We might call this emerging ethic eco-optimality. Its approach to dealing with human and animal others is relational and co-transformative, rather than unidirectional and exploitative. Because it is mutually respectful, eco-optimality reinscribes positive cultural and practical boundaries on human uses of animals and the environment. Through both creative representation and material practices, it stages more equitable redistribution of the Earth’s bounty in order to substantiate universal rights to food, housing, and health security.

Eco-optimal Shakespeare also takes inspiration from collective, multilateral solutions to climate change and other environmental upheavals. It resituates and enmeshes Shakespeare in local design and performance to motivate community resilience towards both the predicted and unforeseen calamities of Anthropocene. And it animates this realistically hopeful solidarity, affectively and imaginatively, through contemporary adaptations of Shakespeare’s original plays.

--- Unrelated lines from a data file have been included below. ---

(* Let $\mathcal{X}\subset\mathbb{R}$ be finite or countable, $\Theta\subset\mathbb{R}^m$, and for each $\theta\in\Theta$ let $P^\theta=(p^\theta_{ij})_{i,j\in\mathcal{X}}$ be the transition matrix of a time-homogeneous Markov chain $(X_n)$ on $\mathcal{X}$ which is ergodic under $\mathbb{P}^\theta$. Let $\hat F^\theta(x,x')$, $x,x'\in\mathbb{R}$, denote the distribution function of $(X_0,X_1)$ when $X_0$ has the (unique) invariant distribution $\pi^\theta$ of the chain, i.e. $\hat F^\theta(x,x')=\sum_{i\le x}\sum_{j\le x'}\pi^\theta(i)p^\theta_{ij}$. If all transition probabilities $p^\theta_{ij}$, $i,j\in\mathcal{X}$, are Borel measurable in $\theta$, then for each pair $(x,x')\in\mathbb{R}^2$ the function $\theta\mapsto\hat F^\theta(x,x')$ is Borel measurable.
   Context: A time-homogeneous Markov chain $(X_n)$ is called ergodic if there exists a probability measure $\mu$, not depending on the initial distribution $\mu_0$, such that for every initial distribution $\mu_0$, $\lim_{t\to\infty}\|\mathbb{P}_{\mu_0}(X_t\in\cdot)-\mu\|_{TV}=0$, where $\|\mu-\nu\|_{TV}=2\sup_A(\mu(A)-\nu(A))$; $\mu$ is then the unique invariant distribution. *)

From HB Require Import structures.
From mathcomp Require Import all_boot all_order all_algebra.
From mathcomp Require Import all_classical all_reals all_analysis.
Set Implicit Arguments. Unset Strict Implicit. Unset Printing Implicit Defensive.
Import Order.TTheory GRing.Theory Num.Theory.
Local Open Scope classical_set_scope.
Local Open Scope ring_scope.

Section Defs.
Variable R : realType.
Variable X : set R.

Definition is_distr (mu : R -> R) : Prop :=
  (forall i, X i -> 0 <= mu i) /\ (\esum_(i in X) (mu i)%:E = 1)%E.

Definition stochastic (P : R -> R -> R) : Prop :=
  forall i, X i -> is_distr (P i).

Definition mc_step (P : R -> R -> R) (mu : R -> R) : R -> R :=
  fun j => fine (\esum_(i in X) (mu i * P i j)%:E).

Definition mc_law (P : R -> R -> R) (mu0 : R -> R) (t : nat) : R -> R :=
  iter t (mc_step P) mu0.

Definition mc_mass (mu : R -> R) (A : set R) : \bar R :=
  \esum_(i in X `&` A) (mu i)%:E.

Definition tv_norm (mu nu : R -> R) : \bar R :=
  (2%:E * ereal_sup [set (mc_mass mu A - mc_mass nu A)%E | A in [set: set R]])%E.

Definition ergodic (P : R -> R -> R) : Prop :=
  exists mu, is_distr mu /\
    forall mu0, is_distr mu0 ->
      (fun t => tv_norm (mc_law P mu0 t) mu) @ \oo --> 0%E.

Definition is_invariant (P : R -> R -> R) (pi : R -> R) : Prop :=
  is_distr pi /\ forall j, X j -> mc_step P pi j = pi j.
(* Let $\mathsf{Cof}$ be a class of maps in $\mathcal{E}$ satisfying axioms (C1)–(C4) and (C6). Then $\mathsf{Cof}$ is closed under composition (axiom (C5)) if and only if $\mathcal{E}\Vdash(\forall\varphi,\psi:\Omega)\,\mathrm{cof}\,\varphi\Rightarrow\big((\varphi\Rightarrow\mathrm{cof}\,\psi)\Rightarrow\mathrm{cof}(\varphi\wedge\psi)\big)$.
   Context: $\mathbb{C}$ is a small category, $\mathcal{E}=[\mathbb{C}^{op},\mathbf{Set}]$ with subobject classifier $\mathrm{true}:1\to\Omega$. Axioms on a class $\mathsf{Cof}$: (C1) its elements are monomorphisms; (C2) $0\to1$ is in it; (C3) $\mathrm{id}_1$ is in it; (C4) stable under pullback along all maps; (C5) closed under composition; (C6) the full subcategory of the category of arrows and pullback squares spanned by $\mathsf{Cof}$ has a terminal object $\top:1\rightarrowtail\Phi$, with $\Phi\rightarrowtail\Omega$ a subobject whose characteristic map is $\mathrm{cof}:\Omega\to\Omega$. Kripke–Joyal forcing: for $\rho:Y\to\Omega$ and $y:\mathbf{y}c\to Y$, $c\Vdash\rho(y)$ means $y$ factors through the subobject classified by $\rho$; $\mathcal{E}\Vdash\theta$ for a closed formula $\theta$ means $c\Vdash\theta$ for every $c\in\mathbb{C}$. Logical connectives and quantifiers over $\Omega$ are interpreted by the internal Heyting algebra structure. *)

From Stdlib Require Import FunctionalExtensionality PropExtensionality ProofIrrelevance.

Record Cat := MkCat {
  Ob : Type;
  Hom : Ob -> Ob -> Type;
  idm : forall a, Hom a a;
  comp : forall a b c, Hom b c -> Hom a b -> Hom a c;
  comp_id_l : forall a b (f : Hom a b), comp a b b (idm b) f = f;
  comp_id_r : forall a b (f : Hom a b), comp a a b f (idm a) = f;
  comp_assoc : forall a b c d (f : Hom c d) (g : Hom b c) (h : Hom a b),
      comp a c d f (comp a b c g h) = comp a b d (comp b c d f g) h
}.
Arguments idm {_} _.
Arguments comp {_ _ _ _} _ _.
Arguments Hom {_} _ _.

Record Psh (C : Cat) := MkPsh {
  pob :> Ob C -> Type;
  act : forall a b, Hom b a -> pob a -> pob b;
  act_id : forall a x, act a a (idm a) x = x;
  act_comp : forall a b c (f : Hom b a) (g : Hom c b) x,
      act a c (comp f g) x = act b c g (act a b f x)
}.
Arguments MkPsh {C}.
Arguments act {_} _ {_ _} _ _.

Record Nat {C : Cat} (F G : Psh C) := MkNat {
  nt :> forall a, F a -> G a;
  nt_nat : forall a b (f : Hom b a) x, nt b (act F f x) = act G f (nt a x)
}.
Arguments MkNat {C F G}.
Arguments nt {_ _ _} _ _ _.

Section Basics.
Context {C : Cat}.

Definition neq {F G : Psh C} (m n : Nat F G) : Prop :=
  forall a x, nt m a x = nt n a x.

Program Definition ncomp {F G H : Psh C} (n : Nat G H) (m : Nat F G) : Nat F H :=
  MkNat (fun a x => nt n a (nt m a x)) _.
Next Obligation. intros; simpl; now rewrite !nt_nat. Qed.

Program Definition nid (F : Psh C) : Nat F F := MkNat (fun a x => x) _.

Program Definition one : Psh C := MkPsh (fun _ => unit) (fun _ _ _ x => x) _ _.
Program Definition zero : Psh C := MkPsh (fun _ => Empty_set) (fun _ _ _ x => x) _ _.

Program Definition to_one (F : Psh C) : Nat F one := MkNat (fun _ _ => tt) _.
Program Definition from_zero (F : Psh C) : Nat zero F :=
  MkNat (fun _ (x : Empty_set) => match x with end) _.
Next Obligation. intros; simpl in *; tauto. Qed.

Program Definition prodP (F G : Psh C) : Psh C :=
  MkPsh (fun a => (F a * G a)%type) (fun a b f p => (act F f (fst p), act G f (snd p))) _ _.
Next Obligation. intros; simpl; now rewrite !act_id. Qed.
Next Obligation. intros; simpl; now rewrite !act_comp. Qed.

Program Definition pair {X F G : Psh C} (m : Nat X F) (n : Nat X G) : Nat X (prodP F G) :=
  MkNat (fun a x => (nt m a x, nt n a x)) _.
Next Obligation. intros; simpl; now rewrite !nt_nat. Qed.

Program Definition pr1 {F G : Psh C} : Nat (prodP F G) F := MkNat (fun a p => fst p) _.
Program Definition pr2 {F G : Psh C} : Nat (prodP F G) G := MkNat (fun a p => snd p) _.

Program Definition yon (c : Ob C) : Psh C :=
  MkPsh (fun d => Hom d c) (fun a b f g => comp g f) _ _.
Next Obligation. apply comp_id_r. Qed.
Next Obligation. apply comp_assoc. Qed.

Definition mono {F G : Psh C} (m : Nat F G) : Prop :=
  forall (X : Psh C) (u v : Nat X F), neq (ncomp m u) (ncomp m v) -> neq u v.

(* P --p1--> A
   |p2       |f
   v         v
   B  --g--> Z      is a pullback square *)
Definition IsPullback {A B Z : Psh C} (P : Psh C) (p1 : Nat P A) (p2 : Nat P B)
    (f : Nat A Z) (g : Nat B Z) : Prop :=
  neq (ncomp f p1) (ncomp g p2) /\
  forall (X : Psh C) (q1 : Nat X A) (q2 : Nat X B),
    neq (ncomp f q1) (ncomp g q2) ->
    exists u : Nat X P,
      neq (ncomp p1 u) q1 /\ neq (ncomp p2 u) q2 /\
      forall u' : Nat X P, neq (ncomp p1 u') q1 -> neq (ncomp p2 u') q2 -> neq u' u.

Record sieve (c : Ob C) := MkSieve {
  sv :> forall d, Hom d c -> Prop;
  sv_closed : forall d e (f : Hom d c) (g : Hom e d), sv d f -> sv e (comp f g)
}.
Arguments MkSieve {c}.
Arguments sv {c} _ d _.

Lemma sieve_ext {c} (S T : sieve c) :
  (forall d f, sv S d f <-> sv T d f) -> S = T.
Proof.
  destruct S as [S HS], T as [T HT]; simpl; intros H.
  assert (E : S = T).
  { apply functional_extensionality_dep; intro d.
    apply functional_extensionality; intro f.
    apply propositional_extensionality; apply H. }
  subst T. f_equal. apply proof_irrelevance.
Qed.

Program Definition pull {a b} (f : Hom b a) (S : sieve a) : sieve b :=
  MkSieve (fun d g => sv S d (comp f g)) _.
Next Obligation. rewrite comp_assoc. now apply sv_closed. Qed.

Program Definition Omega : Psh C := MkPsh sieve (fun a b f S => pull f S) _ _.
Next Obligation. apply sieve_ext; intros; simpl. now rewrite comp_id_l. Qed.
Next Obligation. apply sieve_ext; intros; simpl. now rewrite comp_assoc. Qed.

Program Definition maxsieve (c : Ob C) : sieve c := MkSieve (fun _ _ => True) _.

Program Definition trueO : Nat one Omega := MkNat (fun a _ => maxsieve a) _.
Next Obligation. apply sieve_ext; intros; simpl; tauto. Qed.

Program Definition andS {c} (S T : sieve c) : sieve c :=
  MkSieve (fun d f => sv S d f /\ sv T d f) _.
Next Obligation. split; apply sv_closed; assumption. Qed.

Program Definition impS {c} (S T : sieve c) : sieve c :=
  MkSieve (fun d f => forall e (g : Hom e d), sv S e (comp f g) -> sv T e (comp f g)) _.
Next Obligation.
  intros. rewrite <- comp_assoc in H0 |- *. now apply H.
Qed.
(* $\mathcal{L}_{FH}\preceq\mathcal{L}_{AIL}$: for every $\varphi\in\mathcal{L}_{FH}$ there exists $\psi\in\mathcal{L}_{AIL}$ such that for every epistemic model with awareness $M$ and every world $w$ of $M$, $M,w\vDash_{FH}\varphi$ iff $M,w\vDash_{AIL}\psi$.
   Context: Let $\mathcal{P}$ be a countable set of atoms and $\mathcal{G}$ a finite set of agents. An epistemic model with awareness is $M=\langle W,\{\sim_i,\mathscr{A}_i\}_{i\in\mathcal{G}},V\rangle$: $W\neq\emptyset$, $\sim_i$ an equivalence relation on $W$, $\mathscr{A}_i:W\to2^{\mathcal{P}}$ with $\mathscr{A}_i(w)=\mathscr{A}_i(v)$ whenever $(w,v)\in\sim_i$, $V:\mathcal{P}\to2^W$. $(w,v)\in\approx_i$ iff $\mathscr{A}_i(w)=\mathscr{A}_i(v)$ and $w,v$ agree on all $p\in\mathscr{A}_i(w)$. $\sim_i\circ\approx_i=\{(w,v):\exists t\,((w,t)\in\approx_i,(t,v)\in\sim_i)\}$; $R^+$ is the transitive closure. $\mathcal{L}_{AIL}$: $\varphi::=p\mid\neg\varphi\mid\varphi\wedge\varphi\mid A_i\varphi\mid I_i\varphi\mid E_i\varphi\mid[\approx]_i\varphi\mid[\circ^+]_i\varphi$; $\mathcal{L}_{FH}$ is the fragment without $[\approx]_i,[\circ^+]_i$. $\vDash_{AIL}$: $p$ iff $w\in V(p)$; Boolean usual; $A_i\varphi$ iff $At(\varphi)\subseteq\mathscr{A}_i(w)$ ($At$ = atoms occurring); $I_i\varphi$, $[\approx]_i\varphi$, $[\circ^+]_i\varphi$ iff $\varphi$ holds at all successors along $\sim_i$, $\approx_i$, $(\sim_i\circ\approx_i)^+$ respectively; $E_i\varphi$ iff $A_i\varphi$ and $[\circ^+]_i\varphi$ hold. $\vDash_{FH}$ on $\mathcal{L}_{FH}$ is the same except $E_i\varphi$ holds iff $A_i\varphi$ and $I_i\varphi$ hold. *)

From mathcomp Require Import all_boot.
From Stdlib Require Import Relation_Definitions Relation_Operators.

Set Implicit Arguments.


Unset Printing Implicit Defensive.

Section Logic.
Variables (P : countType) (G : finType).

Inductive form : Type :=
| Atom : P -> form
| Neg : form -> form
| And : form -> form -> form
| Aw : G -> form -> form
| Impl : G -> form -> form
| Expl : G -> form -> form
| BoxApprox : G -> form -> form
| BoxCirc : G -> form -> form.

Fixpoint At (f : form) : P -> Prop :=
  match f with
  | Atom p => fun q => q = p
  | Neg a => At a
  | And a b => fun q => At a q \/ At b q
  | Aw _ a | Impl _ a | Expl _ a | BoxApprox _ a | BoxCirc _ a => At a
  end.

Fixpoint in_FH (f : form) : Prop :=
  match f with
  | Atom _ => True
  | Neg a => in_FH a
  | And a b => in_FH a /\ in_FH b
  | Aw _ a | Impl _ a | Expl _ a => in_FH a
  | BoxApprox _ _ | BoxCirc _ _ => False
  end.

Record model : Type := Model {
  world : Type;
  world_inhabited : inhabited world;
  sim : G -> world -> world -> Prop;
  sim_equiv : forall i, equivalence world (sim i);
  aware : G -> world -> P -> Prop;
  aware_sim : forall i w v, sim i w v -> aware i w = aware i v;
  val : P -> world -> Prop
}.

Section Sem.
Variable M : model.

Definition approx (i : G) (w v : world M) : Prop :=
  aware M i w = aware M i v /\ (forall p, aware M i w p -> (val M p w <-> val M p v)).

(* ∼_i ∘ ≈_i = {(w,v) | ∃t, w ≈_i t /\ t ∼_i v} *)
Definition comp_rel (i : G) (w v : world M) : Prop :=
  exists t, approx i w t /\ sim M i t v.

Definition circ_plus (i : G) : relation (world M) :=
  clos_trans (world M) (comp_rel i).

Fixpoint sat_AIL (w : world M) (f : form) : Prop :=
  match f with
  | Atom p => val M p w
  | Neg a => ~ sat_AIL w a
  | And a b => sat_AIL w a /\ sat_AIL w b
  | Aw i a => forall q, At a q -> aware M i w q
  | Impl i a => forall v, sim M i w v -> sat_AIL v a
  | Expl i a => (forall q, At a q -> aware M i w q) /\
                (forall v, circ_plus i w v -> sat_AIL v a)
  | BoxApprox i a => forall v, approx i w v -> sat_AIL v a
  | BoxCirc i a => forall v, circ_plus i w v -> sat_AIL v a
  end.

(* FH semantics (only meaningful on L_FH formulas; the box clauses are
   irrelevant for formulas satisfying in_FH, given as in AIL). *)
Fixpoint sat_FH (w : world M) (f : form) : Prop :=
  match f with
  | Atom p => val M p w
  | Neg a => ~ sat_FH w a
  | And a b => sat_FH w a /\ sat_FH w b
  | Aw i a => forall q, At a q -> aware M i w q
  | Impl i a => forall v, sim M i w v -> sat_FH v a
  | Expl i a => (forall q, At a q -> aware M i w q) /\
                (forall v, sim M i w v -> sat_FH v a)
  | BoxApprox i a => forall v, approx i w v -> sat_FH v a
  | BoxCirc i a => forall v, circ_plus i w v -> sat_FH v a
  end.
End Sem.
End Logic.
Arguments world {P G}.
Arguments sim {P G}.
Arguments aware {P G}.
Arguments val {P G}.
Arguments sat_FH {P G M}.
Arguments sat_AIL {P G M}.

From mathcomp Require Import all_boot.

Section FHToAIL.
Variables (P : countType) (G : finType).

(* FH explicit knowledge [E_i a] is [A_i a /\ I_i a]; awareness formulas only
   depend on the atoms of their argument, so they are left untranslated. *)
Fixpoint fh_to_ail (f : form P G) : form P G :=
  match f with
  | Neg a => Neg (fh_to_ail a)
  | And a b => And (fh_to_ail a) (fh_to_ail b)
  | Impl i a => Impl i (fh_to_ail a)
  | Expl i a => And (Aw i a) (Impl i (fh_to_ail a))
  | _ => f
  end.

Lemma sat_FH_fh_to_ail (f : form P G) (M : model P G) :
  in_FH f -> forall w : world M, sat_FH w f <-> sat_AIL w (fh_to_ail f).
Proof.
elim: f => //= [a IHa | a IHa b IHb | i a IHa | i a IHa] fhf w.
- by have := IHa fhf w; tauto.
- by case: fhf => /IHa fha /IHb fhb; have := fha w; have := fhb w; tauto.
- by split=> alls v /alls /(IHa fhf v).
- by split=> -[awa alls]; split=> // v /alls /(IHa fhf v).
Qed.

End FHToAIL.

Arguments fh_to_ail {P G}.

Theorem lemma2 (P : countType) (G : finType) :
  forall phi : form P G, in_FH phi ->
  exists psi : form P G,
    forall (M : model P G) (w : world M), sat_FH w phi <-> sat_AIL w psi.
Proof.
move=> phi fh_phi; exists (fh_to_ail phi) => M w.
exact: sat_FH_fh_to_ail.
Qed.
Lemma exhaust_child_exp K j (w : seq nat -> nat -> \bar R) n : (forall zs k, 0 <= w zs k) ->
  exhaust K (fun k => E j (fun zs => w zs k)) n = E j (fun zs => exhaust K (w zs) n).
Proof.
move=> w0; elim: n K => [|n IH] K; first by rewrite child_exp_cst.
case nK: (nonempty_frontier K).
  under [RHS]eq_child_exp => zs _ do rewrite exhaustS //.
  rewrite exhaustS ?child_expZ -?query_exp_child_exp; try by nonneg.
  by congr (_ * _); apply: eq_query_exp => b C _.
rewrite exhaust_empty ?nK //; apply: eq_child_exp => zs _.
by rewrite exhaust_empty ?nK.
Qed.

Lemma exhaust_query_exp K x (w : bool -> fr -> nat -> \bar R) n :
  (forall b C k, 0 <= w b C k) ->
  exhaust K (fun k => query_exp x (fun b C => w b C k)) n =
  query_exp x (fun b C => exhaust K (w b C) n).
Proof.
move=> w0; rewrite /query_exp /mix exhaustD ?exhaustZ ?exhaust_child_exp //; nonneg.
Qed.

Definition delay (w : nat -> \bar R) (k : nat) : \bar R :=
  if k is k'.+1 then disc%:E * w k' else 0.

Lemma delay_ge0 w k : (forall k, 0 <= w k) -> 0 <= delay w k.
Proof. by case: k => /=; nonneg. Qed.
Local Hint Resolve delay_ge0 : ge0.

Lemma exhaust_delay K w n : w 0%N = 0 -> (forall k, 0 <= w k) ->
  exhaust K (delay w) n = delay (exhaust K w) n.
Proof.
move=> w00 w0; elim: n K => [|n IH] K //.
case nK: (nonempty_frontier K); last first.
  rewrite exhaust_empty ?nK //=; case: n {IH} => [|n]; first by rewrite w00.
  by rewrite exhaust_empty ?nK.
rewrite exhaustS //=; last by nonneg.
under eq_query_exp => b C _ do rewrite IH.
case: n {IH} => [|n] /=; first by rewrite query_exp_cst ?mule0.
by rewrite exhaustS // query_expZ //; nonneg.
Qed.

Lemma exhaust_nonempty K v : nonempty_frontier K -> (forall k, 0 <= v k) ->
  exhaust K v = delay (fun k => query_exp (smallest_present K)
                        (fun _ C => exhaust (fadd (fdel K (smallest_present K)) C) v k)).
Proof. by move=> nK v0; apply: funext => -[|k] //=; rewrite exhaustS. Qed.

(* The subtrees of [K] and [K'] evolve independently. *)
Lemma exhaustC K K' v n : (forall k, 0 <= v k) ->
  exhaust K (exhaust K' v) n = exhaust K' (exhaust K v) n.
Proof.
move=> v0; elim: n K K' => [|n IH] K K' //.
case nK: (nonempty_frontier K); last first.
  by rewrite exhaust_empty ?nK //; apply: eq_exhaust => k k0; rewrite exhaust_empty ?nK.
case nK': (nonempty_frontier K'); last first.
  by rewrite [RHS]exhaust_empty ?nK' //; apply: eq_exhaust => k k0; rewrite exhaust_empty ?nK'.
rewrite exhaustS; try by nonneg.
under eq_query_exp => b C _ do rewrite IH.
rewrite [exhaust K v]exhaust_nonempty // exhaust_delay ?query_exp_cst //=; last by nonneg.
by rewrite exhaust_query_exp //; nonneg.
Qed.

Lemma exhaust_le_cst K (c : R) u n : (0 <= c)%R -> (forall k, 0 <= u k) ->
  (forall k, u k <= c%:E) -> exhaust K u n <= c%:E.
Proof.
move=> c0 u0 uc; elim: n K => [|n IH] K; first by rewrite lee_fin.
case nK: (nonempty_frontier K); last by rewrite exhaust_empty ?nK.
rewrite exhaustS //; apply: (@le_trans _ _ (disc%:E * c%:E)).
  apply: lee_wpmul2l; first by nonneg.
  rewrite -[leRHS](query_exp_cst (smallest_present K)) ?lee_fin //.
  by apply: le_query_exp => *; nonneg.
by rewrite -EFinM lee_fin ler_piMl // disc_le1.
Qed.

Lemma exhaust_fr1 K m v n : (forall k, 0 <= v k) ->
  exhaust K (exhaust (fr1 m) v) n =
  delay (fun k => query_exp m (fun _ C => exhaust K (exhaust C v) k)) n.
Proof.
move=> v0; rewrite [exhaust (fr1 m) v]exhaust_nonempty ?nonempty_fr1 //.
rewrite smallest_present_fr1 fdel_fr1 exhaust_delay ?query_exp_cst //; try by nonneg.
congr delay; apply: funext => k.
transitivity (exhaust K (fun j => query_exp m (fun _ C => exhaust C v j)) k).
  by apply: eq_exhaust => j _; apply: eq_query_exp => b C _; rewrite fadd0l.
by apply: (@exhaust_query_exp K m (fun _ C => exhaust C v)) => *; nonneg.
Qed.

Section Exchange.
Variables (m h : 'I_T.+1) (Y : fr).
Hypotheses (m_lt_h : (m < h)%N) (Y_above : above m Y).

Let m_le_h : (m <= h)%N := ltnW m_lt_h.

(* What remains of recency at least [m] after querying the node of recency [h]: [Y], plus
   the children [e] of recency in [[m, h)] if the node was infected. *)
Definition rest (b : bool) (e : seq nat) : fr :=
  fadd Y (if b then upper_children m h e else fr0).

Definition rest_val (b : bool) (e : seq nat) (j : nat) : \bar R := gval j (rest b e).

Lemma rest_above b e : above m (rest b e).
Proof.
apply: above_fadd => //; case: b => j //=; rewrite /upper_children.
by case: ifP => // /andP[].
Qed.

Lemma rest_val_ge0 b e j : 0 <= rest_val b e j.
Proof. exact: gval_ge0. Qed.
Local Hint Resolve rest_val_ge0 : ge0.
Lemma first_one_left (q : Z) (r : R) : t - (c - a) = IZR q * a + r -> 0 <= r < a ->
  exists k, x k = 1 /\
    ((k = (- Int_part (c / b) - 1)%Z /\ b - c0 b c <= r) \/
     (k = (- Int_part (c / b))%Z /\ r < a - c0 b c)) /\
    (forall k', x k' = 1 -> IZR k * b < IZR k' * b < 0 -> False).
Proof.
  intros ht hr. destruct hx as [hB h0]. assert (hb : 0 < b) by lra.
  assert (w0 : in_window a b c t q 0) by (unfold in_window; simpl; nra).
  assert (only0 : forall k, x k = 1 -> in_window a b c t q k -> k = 0%Z)
    by (intros k ek wk; exact (window_one_unique a b c t x hb hB hM q k 0 ek h0 wk w0)).
  destruct (window_has_one a b c t x hB hM (q - 1)) as [k [ek wk]].
  unfold in_window in *. rewrite minus_IZR in wk.
  assert (kc : IZR k * b < a - c - r).
  { apply Rnot_le_lt. intros l.
    assert (k = 0%Z) as -> by (apply only0; auto; nra). simpl in wk. nra. }
  exists k. split; [exact ek|]. split.
  - apply index_left_of_minus_c; [exact hr|nra].
  - intros k' e' [l1 l2].
    destruct (Rle_lt_dec (a - c - r) (IZR k' * b)).
    + assert (k' = 0%Z) as -> by (apply only0; auto; nra). simpl in l2. lra.
    + assert (k' = k) as -> by (apply (window_one_unique a b c t x hb hB hM (q - 1));
        auto; unfold in_window; rewrite minus_IZR; nra). lra.
Qed.
End OneSided.

Lemma modR_spec (t a : R) : 0 < a ->
  t = IZR (Int_part (t / a)) * a + modR t a /\ 0 <= modR t a < a.
Proof.
  intros ha. destruct (Int_part_div_bounds t a ha).
  unfold modR, floorR. split; [ring|lra].
Qed.

Lemma posp_spec (a b c : R) :
  0 <= posp a b c /\ c0 b c + a - b <= posp a b c /\
  (posp a b c = 0 \/ posp a b c = c0 b c + a - b).
Proof. unfold posp, Rmax. destruct (Rle_dec (c0 b c + a - b) 0); lra. Qed.

Lemma minca_spec (a b c : R) :
  minca a b c <= c0 b c /\ minca a b c <= a /\
  (minca a b c = c0 b c \/ minca a b c = a).
Proof. unfold minca, Rmin. destruct (Rle_dec (c0 b c) a); lra. Qed.

Section Profiles.
Variables a b c : R.
Hypothesis hab : a < b.

Lemma lam_from_right_one (t : R) (k : Z) : 0 <= modR t a ->
  (k = (Int_part (c / b) + 1)%Z /\ modR t a < c0 b c + a - b) \/
  (k = Int_part (c / b) /\ c0 b c <= modR t a) ->
  lam a b c t = IZR k * b.
Proof.
  intros hr D. pose proof (posp_spec a b c). pose proof (minca_spec a b c).
  unfold lam, floorR.
  destruct D as [[-> h]|[-> h]]; rewrite ?plus_IZR;
    repeat match goal with |- context [Rlt_dec ?u ?v] => destruct (Rlt_dec u v) end; lra.
Qed.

The path-blazing intelligence and creativity of Globe 4 Globe’s practitioners and scholars affirmed the generative futures of eco-optimal Shakespeare. Their work will nonetheless continue to remain burdened with necessary sorrow for the planet we have violated and populations we have destroyed. This melancholy is just as emotionally valuable as dramatic representations of environmental hope. Eco-optimal Shakespeare steers clear of either eco-utopian or eco-catastrophic Shakespeare, aiming for a phenomenally inclusive ethos of life-changing performance.